Previous biochemical assays showed the ability of 4-arylazo-1H-pyrazole-3,5-diamines 1 to inhibit the enzymatic activity of cyclin-dependent kinases (CDKs), which are critical regulators of the cell cycle and some other cellular processes.6 Since the prepared pyrazoles 2a-l contain structural moieties similar to derivatives 1 we decided to test them for CDK inhibition and antiproliferative activity. However, none of the prepared compounds inhibited the kinase CDK2/cyclin E, probably due to differences in conformation between 1 and 2. Arylazo derivatives 1 are able to set almost planar conformation which was proven by co-crystallization of CAN508 with CDK2 or with CDK9.6,33 In contrast, our benzyl analogues probably adopt a less planar conformation due to the sp3 configuration of the carbon in the methylene group. Such molecules cannot enter the active site of CDKs and thus will not inhibit their catalytic activity.

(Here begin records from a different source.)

Section ExtremeTriangle.
Variables (n : nat) (E : rel 'I_n).
Hypotheses (hopt : optimal E) (hab : alpha E < beta E).
Variables u v w : 'I_n.
Hypothesis hcw : cw u v w.

Let hE : cid2 E := hopt.1.
Let hn : 0 < n. Proof. exact: leq_ltn_trans (leq0n _) (ltn_ord u). Qed.

(* uw is not an edge: it would force uv and vw to be edges, hence longest
   edges, and then uw would be longer than beta. *)
Lemma no_edge_over_extremes : extreme E u v -> extreme E v w -> E u w = false.
Proof.
move=> e1 e2; apply/negP => huw; case/andP: (cid_interval hE hcw huw) => huv hvw.
have hlt : dist u v < dist u w by case/and4P: hcw.
have := beta_ge huw; rewrite (dist_add (ltnW hlt)).
by rewrite (extreme_edge e1 huv) (extreme_edge e2 hvw); lia.
Qed.

(* The third side wu is an edge: otherwise the two extreme sides and the
   non-edge wu would make the circle too short (if both are longest edges) or
   leave no room for the intervals required by shortest_nonedge_cover. *)
Lemma closing_side_edge : extreme E u v -> extreme E v w -> E w u.
Proof.
move=> e1 e2; have huw := no_edge_over_extremes e1 e2.
have [_ nvw nuw _] := and4P hcw; have nwu : w != u by rewrite eq_sym.
apply/negP => /negP /negbTE hwu.
have hs := cw_sum hcw.
have hl3 : alpha E <= dist w u by apply: alpha_le; rewrite /nonedge nwu hwu huw.
have hout_w := outdeg_nonedge hE nwu hwu; have hin_u := indeg_nonedge hE nwu hwu.
have hbound := beta_alpha_bound hopt hab.
move: e1 e2; rewrite /extreme /longest_edge /shortest_nonedge.
case/orP => /andP [huv /eqP d1]; case/orP => /andP [hvw /eqP d2].
- by clear -hs hl3 hbound d1 d2; lia.
- have := shortest_nonedge_cover hopt hab hvw d2; have := indeg_le_beta hE v.
  by clear -hs hout_w d1 d2; lia.
- have := shortest_nonedge_cover hopt hab huv d1; have := outdeg_le_beta hE v.
  by clear -hs hin_u d1 d2; lia.
- have := shortest_nonedge_cover hopt hab huv d1.
  have [_ /negbTE Evw _] := and3P hvw; have := outdeg_nonedge hE nvw Evw.
  by clear -hs hin_u d1 d2; lia.
Qed.
(* Let $\mathcal X=\{X_1,\dots,X_n\}$ be a multi-set of real symmetric $2\times2$ matrices and $S=\lim_{m\to\infty}\frac1m\log\sum_{i=1}^n\exp(mX_i)$ its log-exp-supremum. Then $S$ is an upper bound of $\mathcal X$ in the Loewner order, i.e. $X_j\le_{\mathrm L}S$ for all $j\in\{1,\dots,n\}$.
   Context: For real symmetric matrices $A,B$, $A\le_{\mathrm L}B$ (Loewner order) means that $B-A$ is positive semidefinite. $\exp$ and $\log$ denote the matrix exponential and matrix logarithm. *)

From HB Require Import structures.
From mathcomp Require Import all_boot all_order all_algebra.
From mathcomp Require Import all_classical all_reals all_analysis.
Set Implicit Arguments. Unset Strict Implicit. Unset Printing Implicit Defensive.
Import Order.TTheory GRing.Theory Num.Theory.
Import numFieldNormedType.Exports.
Local Open Scope classical_set_scope.
Local Open Scope ring_scope.

Definition symmx (R : realType) (n : nat) (A : 'M[R]_n) : Prop := A^T = A.

Definition psdmx (R : realType) (n : nat) (A : 'M[R]_n) : Prop :=
  symmx A /\ forall v : 'rV[R]_n, 0 <= (v *m A *m v^T) 0 0.

Definition loewner_le (R : realType) (n : nat) (A B : 'M[R]_n) : Prop :=
  psdmx (B - A).

Definition mexp (R : realType) (n : nat) (A : 'M[R]_n.+1) : 'M[R]_n.+1 :=
  lim (series (fun k : nat => (k`!%:R)^-1 *: A ^+ k) @ \oo).

(* matrix logarithm (of a symmetric positive definite matrix): the unique
   real symmetric matrix L with exp L = M (chosen classically; defaults to 0
   when no such L exists). *)
Definition mlog (R : realType) (n : nat) (M : 'M[R]_n.+1) : 'M[R]_n.+1 :=
  xget 0 [set L : 'M[R]_n.+1 | symmx L /\ mexp L = M].

(* Put M_m := \sum_i exp (m X_i).  Since M_m - exp (m X_j) is positive
   semidefinite and log is operator monotone, log M_m >= m X_j; dividing by m
   and passing to the limit gives S >= X_j, the psd cone being closed.
   In dimension 2 everything is computed through an explicit spectral
   decomposition.  Monotonicity of log follows from that of the square root
   (if A, B > 0 and A^2 >= B^2, then each eigenvalue c of A - B satisfies
   c (z A z^T + z B z^T) = z (A^2 - B^2) z^T >= 0) applied to
   exp (L / 2^t) >= exp (Y / 2^t), followed by a first-order expansion of
   both sides as t tends to infinity. *)

From HB Require Import structures.
From mathcomp Require Import all_boot all_order all_algebra.
From mathcomp Require Import all_classical all_reals all_analysis.
From mathcomp Require Import ring lra.
Import Order.TTheory GRing.Theory Num.Theory.
Import numFieldNormedType.Exports.
Local Open Scope classical_set_scope.
Local Open Scope ring_scope.

Section Loewner.
Context {R : realType}.

Definition qform {n} (v : 'rV[R]_n) (A : 'M[R]_n) : R := (v *m A *m v^T) 0 0.

Definition pdmx {n} (A : 'M[R]_n) : Prop :=
  symmx A /\ forall z : 'rV[R]_n, z *m z^T = 1 -> 0 < qform z A.

Section GeneralDimension.
Context {n : nat}.
Implicit Types (A B : 'M[R]_n) (u v : 'rV[R]_n).

Lemma qformD v A B : qform v (A + B) = qform v A + qform v B.
Proof. by rewrite /qform mulmxDr mulmxDl mxE. Qed.

Lemma qformZ v c A : qform v (c *: A) = c * qform v A.
Proof. by rewrite /qform -scalemxAr -scalemxAl mxE. Qed.

Lemma qformB v A B : qform v (A - B) = qform v A - qform v B.
Proof. by rewrite qformD -scaleN1r qformZ mulN1r. Qed.

Lemma qform_outer v u : qform v (u^T *m u) = (v *m u^T) 0 0 ^+ 2.
Proof.
have uv : u *m v^T = (v *m u^T)^T by rewrite trmx_mul trmxK.
by rewrite /qform mulmxA -mulmxA uv [LHS]mxE big_ord1 [_^T _ _]mxE expr2.
Qed.

Lemma qform_cvg (F : nat -> 'M[R]_n) S v :
  F @ \oo --> S -> (fun m => qform v (F m)) @ \oo --> qform v S.
Proof.
move=> FS; rewrite /qform.
have qformE A : (v *m A *m v^T) 0 0 = \sum_j \sum_i v 0 i * A i j * v 0 j.
  rewrite mxE; apply: eq_bigr => j _; rewrite mxE mulr_suml.
  by apply: eq_bigr => i _; rewrite !mxE.
under eq_fun do rewrite qformE.
rewrite qformE; apply: (cvg_big add_continuous) => // j _.
apply: (cvg_big add_continuous) => // i _.
apply: cvgMr_tmp; apply: cvgMl_tmp.
exact: continuous_cvg (@coord_continuous R n n i j S) FS.
Qed.

Lemma symmxB {A B} : symmx A -> symmx B -> symmx (A - B).
Proof. by move=> sA sB; rewrite /symmx linearB /= sA sB. Qed.

Lemma symmxZ c A : symmx A -> symmx (c *: A).
Proof. by move=> sA; rewrite /symmx linearZ /= sA. Qed.

Lemma psdmx0 : psdmx (0 : 'M[R]_n).
Proof. by split=> [|v]; rewrite ?/symmx ?trmx0 // mulmx0 mul0mx mxE. Qed.

Lemma psdmxD {A B} : psdmx A -> psdmx B -> psdmx (A + B).
Proof.
move=> [sA qA] [sB qB]; split=> [|v]; first by rewrite /symmx linearD /= sA sB.
by rewrite -/(qform _ _) qformD addr_ge0 ?qA ?qB.
Qed.

Lemma psdmxZ {c A} : 0 <= c -> psdmx A -> psdmx (c *: A).
Proof.
move=> c0 [sA qA]; split=> [|v]; first exact: symmxZ.
by rewrite -/(qform _ _) qformZ mulr_ge0 ?qA.
Qed.

Lemma pdmxD {A B} : pdmx A -> psdmx B -> pdmx (A + B).
Proof.
move=> [sA qA] [sB qB]; split=> [|z z1]; first by rewrite /symmx linearD /= sA sB.
by rewrite qformD ltr_wpDr ?qA ?qB.
Qed.

Lemma psdmx_cvg (F : nat -> 'M[R]_n) S :
  F @ \oo --> S -> (\forall m \near \oo, psdmx (F m)) -> psdmx S.
Proof.
move=> FS psdF; split=> [|v].
  apply/matrixP => a b; rewrite mxE; apply/eqP; rewrite -subr_eq0 eq_le.
  have coordF c d : (fun m => F m c d) @ \oo --> S c d.
    exact: continuous_cvg (@coord_continuous R n n c d S) FS.
  have FSab : (fun m => F m b a - F m a b) @ \oo --> S b a - S a b.
    exact: cvgB.
  have symF : \forall m \near \oo, F m b a - F m a b = 0.
    by apply: filterS psdF => m [sFm _]; rewrite -[in F m b a]sFm mxE subrr.
  by rewrite (cvgr_to_le FSab) ?(cvgr_to_ge FSab) //; apply: filterS symF => m ->.
have qformF : (fun m => qform v (F m)) @ \oo --> qform v S by exact: qform_cvg.
by apply: (cvgr_to_ge qformF); apply: filterS psdF => m [_]; apply.
Qed.
Lemma diffop_mul g b f h x : (forall i j, g i j x = g j i x) ->
  derivable2_on f -> derivable2_on h -> A x ->
  diffop g b (fun y => f y * h y) x =
  f x * diffop g b h x + h x * diffop g b f x + carre_du_champ g f h x *+ 2.
Proof.
move=> gsym f2 h2 Ax; rewrite !diffopE.
transitivity (jetop (fun i j => g i j x) (fun i => b i x)
   (fun i j => f x * partial i (partial j h) x + partial j h x * partial i f x +
      (h x * partial i (partial j f) x + partial j f x * partial i h x))
   (fun i => f x * partial i h x + h x * partial i f x)).
  apply: eq_jetop => [i j|i]; first exact: partial2M.
  exact: partialM (f2.1 x i Ax) (h2.1 x i Ax).
exact: jetopM.
Qed.

Lemma is_derive_expR_on u h x j : (forall y, A y -> h y = expR (u y)) -> A x ->
  derivable u x (unitv R j) -> is_derive x (unitv R j) h (h x * partial j u x).
Proof.
move=> hE Ax du; rewrite hE //.
apply: (@is_derive_eq_on (expR \o u) h x _ _ _ Ax) => [y Ay|]; first by rewrite hE.
exact: is_derive_comp (derivableP du) (is_derive_expR _).
Qed.

Lemma derivable2_on_expR u h :
  derivable2_on u -> (forall y, A y -> h y = expR (u y)) -> derivable2_on h.
Proof.
move=> [du d2u] hE; split=> [y i Ay|j x i Ax].
  by case: (is_derive_expR_on hE Ay (du y i Ay)).
apply: (@derivable_eq_on (fun y => h y * partial j u y) _ x _ _ Ax).
  by move=> y Ay; rewrite (partialE (is_derive_expR_on hE Ay (du y j Ay))).
apply: derivableM (d2u j x i Ax).
by case: (is_derive_expR_on hE Ax (du x i Ax)).
Qed.
(* (i) $\mathcal{SC}_\alpha\subset\mathcal{L}^{1/\beta}$ for all $0<\alpha<\beta\le1$. (ii) If $X\in\mathcal{SC}_\alpha$ for some $0<\alpha<1$ and $\lim_{x\to\infty}Q_X(x)/x^\alpha=0$, then $X^\alpha\in\mathcal{L}$.
   Context: For a nonnegative r.v. $X$, $Q_X(x)=-\log\mathbb{P}(X>x)$. $X\in\mathcal{SC}_\alpha$ ($0<\alpha<1$) if (i) $Q_X$ is eventually concave, (ii) $Q_X(x)/\log x\to\infty$, and (iii) there is $x_0>0$ such that $Q_X(x)/x^\alpha$ is nonincreasing on $[x_0,\infty)$. Class $\mathcal{L}$: nonnegative $Z$ with $\mathbb{P}(Z>x)>0$ for all $x$ and $\mathbb{P}(Z>x+y)/\mathbb{P}(Z>x)\to1$ for some (all) $y>0$; $X\in\mathcal{L}^p$ ($p\ge1$) means $X^{1/p}\in\mathcal{L}$. *)

From HB Require Import structures.
From mathcomp Require Import all_boot all_order all_algebra.
From mathcomp Require Import all_classical all_reals all_analysis.
Set Implicit Arguments. Unset Strict Implicit. Unset Printing Implicit Defensive.
Import Order.TTheory GRing.Theory Num.Theory.
Import numFieldNormedType.Exports.
Local Open Scope classical_set_scope.
Local Open Scope ring_scope.

Section Defs.
Context (d : measure_display) (T : measurableType d) (R : realType)
        (P : probability T R).

Definition tail (Z : T -> R) (x : R) : R := fine (P [set t | x < Z t]).

Definition Qf (Z : T -> R) (x : R) : R := - ln (tail Z x).

Definition eventually_concave (f : R -> R) : Prop :=
  exists a : R, forall x y t : R, a <= x -> a <= y -> 0 <= t -> t <= 1 ->
    (1 - t) * f x + t * f y <= f ((1 - t) * x + t * y).

Definition SC (alpha : R) (X : T -> R) : Prop :=
  (forall t, 0 <= X t) /\
  (forall x, 0 < tail X x) /\
  eventually_concave (Qf X) /\
  ((fun x => Qf X x / ln x) x @[x --> +oo] --> +oo) /\
  (exists x0 : R, 0 < x0 /\
     forall x y : R, x0 <= x -> x <= y ->
       Qf X y / y `^ alpha <= Qf X x / x `^ alpha).

Definition Lclass (Z : T -> R) : Prop :=
  (forall t, 0 <= Z t) /\
  (forall x, 0 < tail Z x) /\
  (forall y : R, 0 < y ->
     (fun x => tail Z (x + y) / tail Z x) x @[x --> +oo] --> (1 : R)).

Definition Lp (p : R) (X : T -> R) : Prop :=
  Lclass (fun t => X t `^ (p^-1)).

End Defs.

(* Write u = x^(1/beta) and v = (x + y)^(1/beta).  Beyond its concavity
   threshold, Q lies below its chord from a fixed base point b, which gives
   Q(v) - Q(u) <= 2 (v - u) Q(u) / u as soon as u >= 2b.  Here
   (v - u) / u = O(1/x), while Q(u) = o(u^beta) = o(x), so Q(v) - Q(u) -> 0,
   i.e. P(X^beta > x + y) / P(X^beta > x) -> 1.  Both parts supply
   Q(u) = o(u^beta): in (i) because Q(u) <= C u^alpha with alpha < beta. *)

From HB Require Import structures.
From mathcomp Require Import all_boot all_order all_algebra.
From mathcomp Require Import all_classical all_reals all_analysis.
From mathcomp Require Import ring lra.
Set Implicit Arguments. Unset Strict Implicit. Unset Printing Implicit Defensive.
Import Order.TTheory GRing.Theory Num.Theory.
Import numFieldNormedType.Exports.
Local Open Scope classical_set_scope.
Local Open Scope ring_scope.

Section ConcaveIncrements.
Variable R : realType.
Implicit Types (q : R -> R) (a b u v x y : R).

Definition concave_above a q : Prop :=
  forall x y t : R, a <= x -> a <= y -> 0 <= t -> t <= 1 ->
    (1 - t) * q x + t * q y <= q ((1 - t) * x + t * y).

Definition littleo_powR q (beta : R) : Prop :=
  forall e, 0 < e -> \forall u \near +oo, q u <= e * u `^ beta.

Lemma concave_above_slope a q b u v : concave_above a q ->
  a <= b -> b < u -> u <= v ->
  (u - b) * (q v - q u) <= (v - u) * (q u - q b).
Proof.
move=> qcc ab bu uv; have vb : 0 < v - b by lra.
set t := (u - b) / (v - b).
have t0 : 0 <= t by rewrite divr_ge0 //; lra.
have t1 : t <= 1 by rewrite ler_pdivrMr //; lra.
have := qcc b v t ab ltac:(lra) t0 t1.
have -> : (1 - t) * b + t * v = u by rewrite /t; field; lra.
move=> qu_ge.
suff : (u - b) * (q v - q b) <= (v - b) * (q u - q b) by lra.
have -> : u - b = t * (v - b) by rewrite /t divfK //; lra.
have : 0 <= (v - b) * (q u - q b - t * (q v - q b)) by apply: mulr_ge0; lra.
lra.
Qed.

Lemma concave_above_increment a q b u v : concave_above a q ->
  a <= b -> 0 < b -> 0 <= q b -> 2 * b <= u -> u <= v -> q u <= q v ->
  u * (q v - q u) <= 2 * (v - u) * q u.
Proof.
move=> qcc ab b0 qb0 bu uv quv.
have slope := concave_above_slope qcc ab (ltac:(lra) : b < u) uv.
have : (v - u) * (q u - q b) <= (v - u) * q u by apply: ler_wpM2l; lra.
have : 0 <= (u - 2 * b) * (q v - q u) by apply: mulr_ge0; lra.
move: slope; lra.
Qed.

Lemma powR1D_le (p s : R) : 1 <= p -> 0 <= s -> s <= 1 ->
  (1 + s) `^ p <= 1 + p * s * expR p.
Proof.
move=> p1 s0 s1; have ps0 : 0 <= p * s by apply: mulr_ge0; lra.
have -> : (1 + s) `^ p = expR (p * ln (1 + s)) by rewrite /powR gt_eqF //; lra.
have le_ps : expR (p * ln (1 + s)) <= expR (p * s).
  by rewrite ler_expR; apply: ler_wpM2l; [lra | apply: le_ln1Dx; lra].
have le_p : expR (p * s) <= expR p.
  by rewrite ler_expR -[leRHS]mulr1; apply: ler_wpM2l; lra.
(* [1 - ps <= e^(-ps)], i.e. [e^(ps) - 1 <= ps e^(ps)] *)
have expR_ps : expR (p * s) * (1 - p * s) <= 1.
  have := ler_wpM2l (ltW (expR_gt0 (p * s))) (expR_ge1Dx (- (p * s))).
  by rewrite expRN mulfV ?gt_eqF ?expR_gt0 // addrC.
have : p * s * expR (p * s) <= p * s * expR p by apply: ler_wpM2l.
lra.
Qed.

Lemma powRD_sub_le (p x y : R) : 1 <= p -> 0 < y -> y <= x ->
  (x + y) `^ p - x `^ p <= p * y * expR p * (x `^ p / x).
Proof.
move=> p1 y0 yx; have x0 : 0 < x by lra.
set s := y / x.
have s0 : 0 <= s by rewrite divr_ge0 //; lra.
have s1 : s <= 1 by rewrite ler_pdivrMr // mul1r.
have -> : x + y = x * (1 + s) by rewrite /s mulrDr mulr1 mulrC divfK // gt_eqF.
rewrite powRM; [|lra|lra].
have -> : p * y * expR p * (x `^ p / x) = x `^ p * (p * s * expR p).
  by rewrite /s; field; rewrite gt_eqF.
have := ler_wpM2l (powR_ge0 x p) (powR1D_le p1 s0 s1); lra.
Qed.

Lemma concave_littleo_powR_increment a q beta y :
  0 < beta -> beta <= 1 -> 0 < y ->
  (forall x, 0 <= q x) -> {homo q : x z / x <= z} ->
  concave_above a q -> littleo_powR q beta ->
  forall e, 0 < e -> \forall x \near +oo,
    q ((x + y) `^ beta^-1) - q (x `^ beta^-1) <= e.
Proof.
move=> b0 b1 y0 q0 qle qcc qo e e0.
set p := beta^-1; have p1 : 1 <= p by rewrite invf_ge1.
have bp : beta * p = 1 by rewrite mulfV ?gt_eqF.
set b := Num.max a 1; set K := 2 * p * y * expR p.
have K0 : 0 < K by rewrite !mulr_gt0 ?expR_gt0 //; lra.
have [M [_ qM]] := qo (e / K) (divr_gt0 e0 K0).
set c := Num.max M (2 * b).
have b1' : 1 <= b by rewrite le_max lexx orbT.
have Mc : M <= c by rewrite le_max lexx.
have bc : 2 * b <= c by rewrite le_max lexx orbT.
exists (Num.max (c `^ beta) y); split; first exact: num_real.
move=> x; rewrite gt_max => /andP[cx yx].
have x0 : 0 < x by lra.
set u := x `^ p; set v := (x + y) `^ p.
have u0 : 0 < u by rewrite powR_gt0.
have uc : c < u.
  have -> : c = (c `^ beta) `^ p.
    by rewrite -powRrM bp powRr1 //; lra.
  by apply: gt0_ltr_powR; rewrite ?nnegrE ?powR_ge0 ?invr_gt0 //; lra.
have uv : u <= v by apply: ge0_ler_powR; rewrite ?nnegrE; lra.
have qu : q u <= e / K * x.
  have <- : u `^ beta = x by rewrite -powRrM mulrC bp powRr1 // ltW.
  by apply: qM; lra.
have incr : u * (q v - q u) <= 2 * (v - u) * q u.
  by apply: (concave_above_increment (b := b) qcc);
    rewrite ?le_max ?lexx ?q0 ?qle //; lra.
have vu : v - u <= p * y * expR p * (u / x) by apply: powRD_sub_le; lra.
have : 2 * (v - u) * q u <= 2 * (p * y * expR p * (u / x)) * (e / K * x).
  by apply: ler_pM; [lra | exact: q0 | lra | exact: qu].
have -> : 2 * (p * y * expR p * (u / x)) * (e / K * x) = u * e.
  by rewrite /K; field; rewrite !gt_eqF ?expR_gt0 //; lra.
move=> uqe; rewrite -(ler_pM2l u0); lra.
Qed.

Lemma littleo_powR_of_le q (alpha beta C x0 : R) : alpha < beta -> 0 < x0 ->
  0 <= C -> (forall u, x0 <= u -> q u <= C * u `^ alpha) -> littleo_powR q beta.
Proof.
move=> ab x00 C0 qC e e0.
set g := beta - alpha; have g0 : 0 < g by rewrite subr_gt0.
have Ce0 : 0 <= C / e by rewrite divr_ge0 //; lra.
exists (Num.max x0 ((C / e) `^ g^-1)); split; first exact: num_real.
move=> u; rewrite gt_max => /andP[xu Cu]; have u0 : 0 < u by lra.
have Ceg : C / e <= u `^ g.
  have -> : C / e = ((C / e) `^ g^-1) `^ g by rewrite -powRrM mulVf ?gt_eqF // powRr1.
  by apply: ge0_ler_powR; rewrite ?nnegrE ?powR_ge0 //; lra.
have -> : u `^ beta = u `^ g * u `^ alpha.
  by rewrite -powRD ?subrK //; apply/implyP => _; rewrite gt_eqF.
rewrite mulrA; apply: (le_trans (qC u (ltW xu))); apply: ler_wpM2r.
  exact: powR_ge0.
by rewrite mulrC -ler_pdivrMr.
Qed.

Lemma littleo_powR_of_cvg0 q beta :
  (fun x => q x / x `^ beta) x @[x --> +oo] --> (0 : R) -> littleo_powR q beta.
Proof.
move/cvgrPdist_le => qo e e0; near=> u.
have u0 : 0 < u by near: u; apply: nbhs_pinfty_gt; exact: num_real.
have : `|0 - q u / u `^ beta| <= e by near: u; exact: qo.
rewrite sub0r normrN => /(le_trans (ler_norm _)).
by rewrite ler_pdivrMr // powR_gt0.
Unshelve. all: end_near.
Qed.

Lemma dist_div1_le_ln (A B : R) : 0 < B -> B <= A -> `|B / A - 1| <= ln A - ln B.
Proof.
move=> B0 BA; have A0 : 0 < A by lra.
set r := B / A.
have r0 : 0 < r by rewrite divr_gt0.
have r1 : r <= 1 by rewrite ler_pdivrMr // mul1r.
have -> : ln A - ln B = - ln r by rewrite ln_div ?posrE //; lra.
have := @le_ln1Dx R (r - 1) ltac:(lra); rewrite addrC subrK.
by rewrite ler0_norm; lra.
Qed.

End ConcaveIncrements.

Section Tails.
Context (d : measure_display) (T : measurableType d) (R : realType)
        (P : probability T R).

Lemma measurable_gt_rv (X : {RV P >-> R}) x : measurable [set t | x < X t].
Proof.
rewrite -preimage_itvoy -[X @^-1` _]setTI.
by apply: (measurable_funPT X) => //; exact: measurable_itv.
Qed.

Lemma tailE (X : {RV P >-> R}) x : P [set t | x < X t] = (tail P X x)%:E.
Proof. by rewrite /tail fineK // fin_num_measure //; exact: measurable_gt_rv. Qed.

Lemma tail_le1 (X : {RV P >-> R}) x : tail P X x <= 1.
Proof. by rewrite -lee_fin -tailE probability_le1 //; exact: measurable_gt_rv. Qed.

Lemma tail_le (X : {RV P >-> R}) x y : x <= y -> tail P X y <= tail P X x.
Proof.
move=> xy; rewrite -lee_fin -!tailE.
apply: le_measure; rewrite ?inE; try exact: measurable_gt_rv.
by move=> t /= yt; exact: le_lt_trans xy yt.
Qed.

Lemma Qf_ge0 (X : {RV P >-> R}) x : 0 <= Qf P X x.
Proof. by rewrite oppr_ge0 ln_le0 // tail_le1. Qed.

Lemma Qf_le (X : {RV P >-> R}) : (forall x, 0 < tail P X x) ->
  {homo Qf P X : x y / x <= y}.
Proof. by move=> tpos x y xy; rewrite lerN2 ler_ln ?posrE // tail_le. Qed.

Lemma tail_powR (X : T -> R) beta x : 0 < beta -> (forall t, 0 <= X t) ->
  0 <= x -> tail P (fun t => X t `^ beta) x = tail P X (x `^ beta^-1).
Proof.
move=> b0 X0 x0; rewrite /tail; congr (fine (P _)).
have bV0 : 0 < beta^-1 by rewrite invr_gt0.
apply/seteqP; split => t /= h.
- have := gt0_ltr_powR bV0 _ _ h; rewrite -powRrM mulfV ?gt_eqF // powRr1 //.
  by apply; rewrite nnegrE ?powR_ge0.
- have := gt0_ltr_powR b0 _ _ h; rewrite -powRrM mulVf ?gt_eqF // powRr1 //.
  by apply; rewrite nnegrE ?powR_ge0.
Qed.

Lemma tail_powR_lt0 (X : T -> R) beta x : x < 0 ->
  tail P (fun t => X t `^ beta) x = 1.
Proof.
move=> x0; rewrite /tail.
have -> : [set t | x < X t `^ beta] = setT.
  by apply/seteqP; split => t //= _; exact: lt_le_trans x0 (powR_ge0 _ _).
by rewrite probability_setT.
Qed.

Lemma Lclass_powR (X : {RV P >-> R}) beta : 0 < beta -> beta <= 1 ->
  (forall t, 0 <= X t) -> (forall x, 0 < tail P X x) ->
  eventually_concave (Qf P X) -> littleo_powR (Qf P X) beta ->
  Lclass P (fun t => X t `^ beta).
Proof.
move=> b0 b1 X0 tpos [a qcc] qo; split; first by move=> t; exact: powR_ge0.
split.
  move=> x; have [x0|x0] := ltP x 0; first by rewrite tail_powR_lt0.
  by rewrite tail_powR.
move=> y y0; apply/cvgrPdist_le => e e0.
have incr := concave_littleo_powR_increment b0 b1 y0 (Qf_ge0 X) (Qf_le tpos)
  qcc qo e0.
near=> x.
have x0 : 0 <= x by near: x; apply: nbhs_pinfty_ge; exact: num_real.
rewrite distrC !tail_powR //; last lra.
apply: le_trans (dist_div1_le_ln _ _) _ => //.
- apply: tail_le; apply: ge0_ler_powR; rewrite ?nnegrE ?invr_ge0; lra.
- suff : Qf P X ((x + y) `^ beta^-1) - Qf P X (x `^ beta^-1) <= e.
    by rewrite /Qf; lra.
  by near: x; exact: incr.
Unshelve. all: end_near.
Qed.

End Tails.

Theorem lemmaA6 (d : measure_display) (T : measurableType d) (R : realType)
    (P : probability T R) :
  (forall alpha beta : R, 0 < alpha -> alpha < beta -> beta <= 1 ->
     forall X : {RV P >-> R}, SC P alpha X -> Lp P (beta^-1) X) /\
  (forall alpha : R, 0 < alpha -> alpha < 1 ->
     forall X : {RV P >-> R}, SC P alpha X ->
       (fun x => Qf P X x / x `^ alpha) x @[x --> +oo] --> (0 : R) ->
       Lclass P (fun t => X t `^ alpha)).
Proof.
split.
- move=> alpha beta a0 ab b1 X [X0 [tpos [qcc [_ [x0 [x00 Qdec]]]]]].
  rewrite /Lp invrK; apply: Lclass_powR => //; first lra.
  apply: (littleo_powR_of_le (C := Qf P X x0 / x0 `^ alpha) ab x00).
    by rewrite divr_ge0 ?powR_ge0 ?Qf_ge0.
  move=> u xu; rewrite -ler_pdivrMr ?powR_gt0 //; last lra.
  exact: Qdec.
- move=> alpha a0 a1 X [X0 [tpos [qcc _]]] Qo.
  by apply: Lclass_powR => //; [lra | exact: littleo_powR_of_cvg0].
Qed.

Despite this result that 4-benzyl-1H-pyrazole-3,5-diamines 2a-l are not CDK inhibitors, we tested their anticancer cytotoxicity under in vitro conditions in two cancer cell lines, K-562 (myeloid leukemia) and MCF-7 (breast adenocarcinoma). The rationale for performing the cytotoxicity assay was based on a hypothesis that the cytotoxicity of 4-arylazo-1H-pyrazole-3,5-diamines 1 found in our previous work can be mediated by interaction(s) with other cellular targets besides CDKs.6 However, the assays showed that all prepared compounds were not cytotoxic against the two cell lines. These results confirm that cytotoxicity of 4-arylazo-1H-pyrazole-3,5-diamines 1 is at least partially a consequence of CDK inhibition in cells.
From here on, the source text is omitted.